Once the line containing "exact/same_cell_sym/box_cell/(in_box_dfwith t_box p_in)." is found in the records below, return it and each following line exactly, up to and including the line containing "have no_jump s", and nothing else.

Extracted records:
◇ ◇ ◇ ◇ ◇ ◇ ◇
Lemma same_cell_no_jump i (y : prodX L) (s t : L i) :
  wo_le s t -> (forall c, wo_le s c -> wo_lt c t -> ~ jump c) ->
  same_cell (dfwith y s) (dfwith y t).
Proof.
elim/(well_founded_ind (@wo_lt_wf (L i))): t => t IH [lt_st|<-] no_jump; last first.
  exact: same_cell_refl.
have IH_lt p : wo_le s p -> wo_lt p t -> same_cell (dfwith y s) (dfwith y p).
  move=> le_sp lt_pt; apply: (IH _ lt_pt le_sp) => c le_sc lt_cp.
  exact: no_jump le_sc (wo_lt_trans lt_cp lt_pt).
case: (classic (exists p, wo_succ p t)) => [[p succ_pt]|limit_t].
  have le_sp := wo_lt_succ succ_pt lt_st.
  apply: same_cell_trans (IH_lt p le_sp succ_pt.1) _.
  apply: NNPP => differ; apply: (no_jump p le_sp succ_pt.1).
  by exists t; split=> //; exists y.
have [l [u [t_box box_cell]]] := exists_cell_box (dfwith y t).
have t_in : in_interval (l i) (u i) t by have := t_box i; rewrite dfwith_in.
have [p [lt_sp lt_pt p_in]] := in_interval_limit limit_t t_in lt_st.
apply: same_cell_trans (IH_lt p (or_introl lt_sp) lt_pt) _.
exact/same_cell_sym/box_cell/(in_box_dfwith t_box p_in).
Qed.

Lemma same_cell_grid_block i (F : list (L i)) (U : L i -> Prop) (y : prodX L) v :
  (forall c, jump c -> List.In c F) -> grid_block F U -> U (y i) -> U v ->
  same_cell y (dfwith y v).
Proof.
move=> jumps_F U_block Uy Uv; rewrite -{1}(dfwith_id y i).
have no_jump s t : U s -> U t -> forall c, wo_le s c -> wo_lt c t -> ~ jump c.
  by move=> Us Ut c le_sc lt_ct /jumps_F; exact: grid_block_gap U_block Us Ut le_sc lt_ct.
case: (wo_le_total (y i) v) => le; first exact: same_cell_no_jump le (no_jump _ _ Uy Uv).
exact/same_cell_sym/(same_cell_no_jump _ le (no_jump _ _ Uv Uy)).
Qed.

Lemma grid_refines_jumps (F : forall i, list (L i)) :
  (forall i (c : L i), jump c -> List.In c (F i)) -> grid_refines F A.
Proof.
move=> jumps_F U U_block [x0 Ux0]; have [j Ax0] := A_cover x0.
exists j => x Ux.
have x0_x : same_cell x0 x.
  apply: (connect_coordwise (T := L) (P := U) same_cell_refl same_cell_trans) Ux0 Ux.
  move=> y i v Uy Uv; exact: same_cell_grid_block (@jumps_F i) (U_block i) Uy Uv.
exact: (x0_x j).1.
Qed.

Hypothesis L_cf : forall i, ~ cf_omega (L i).

Lemma jumps_finite i : exists s : list (L i), forall c, jump c -> List.In c s.
Proof.
apply: NNPP => /exists_injective_seq [t0 [t0_inj t0_jump]].
have [phi [phi_incr t_incr]] := exists_increasing_subseq t0_inj.
pose t := t0 \o phi.
have [succ_t succ_t_spec] := choice _ (fun m => t0_jump (phi m)).
have [y y_spec] := choice _ (fun m => (succ_t_spec m).2).
have [psi [psi_incr [z Pz]]] :=
  exists_coordwise_convergent_subseq (@L_cf) (fun m => dfwith (y m) (t m)).
have [l [u [z_box box_cell]]] := exists_cell_box z.
have [M PM] := coordwise_converges_in_box Pz z_box.
set m := psi M.
have m_box : in_box l u (dfwith (y m) (t m)) := PM M (leqnn M).
have t_in p : M <= p -> in_interval (l i) (u i) (t (psi p)).
  by move=> le_Mp; have := PM p le_Mp i; rewrite dfwith_in.
have succ_in : in_interval (l i) (u i) (succ_t m).
  have succ_m := (succ_t_spec m).1.
  apply: in_interval_convex (t_in M (leqnn M)) (t_in M.+1 (leqnSn M)) (or_introl succ_m.1) _.
  exact: wo_succ_le succ_m (t_incr _ _ (psi_incr _ _ (ltnSn M))).
apply: (y_spec m); apply: same_cell_trans (same_cell_sym (box_cell _ m_box)) (box_cell _ _).
exact: in_box_dfwith m_box succ_in.
Qed.

End Cells.

Theorem theorem5p8 (n : nat) (L : 'I_n -> ordinal_wo)
    (hcf : forall i, ~ cf_omega (L i))
    (k : nat) (A : 'I_k -> (prodX L -> Prop))
    (hA : clopen_partition A) :
  exists F : forall i : 'I_n, list (L i), grid_refines F A.
Proof.
have [A_clopen [_ [A_disjoint A_cover]]] := hA.
have A_open j := (A_clopen j).1.
have [F jumps_F] := dependent_choice (jumps_finite A_open A_disjoint A_cover hcf).
by exists F; exact: grid_refines_jumps jumps_F.
Qed.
◇ ◇ ◇ ◇ ◇ ◇ ◇
Response to the task.
exact/same_cell_sym/box_cell/(in_box_dfwith t_box p_in).
Qed.

Lemma same_cell_grid_block i (F : list (L i)) (U : L i -> Prop) (y : prodX L) v :
  (forall c, jump c -> List.In c F) -> grid_block F U -> U (y i) -> U v ->
  same_cell y (dfwith y v).
Proof.
move=> jumps_F U_block Uy Uv; rewrite -{1}(dfwith_id y i).
have no_jump s t : U s -> U t -> forall c, wo_le s c -> wo_lt c t -> ~ jump c.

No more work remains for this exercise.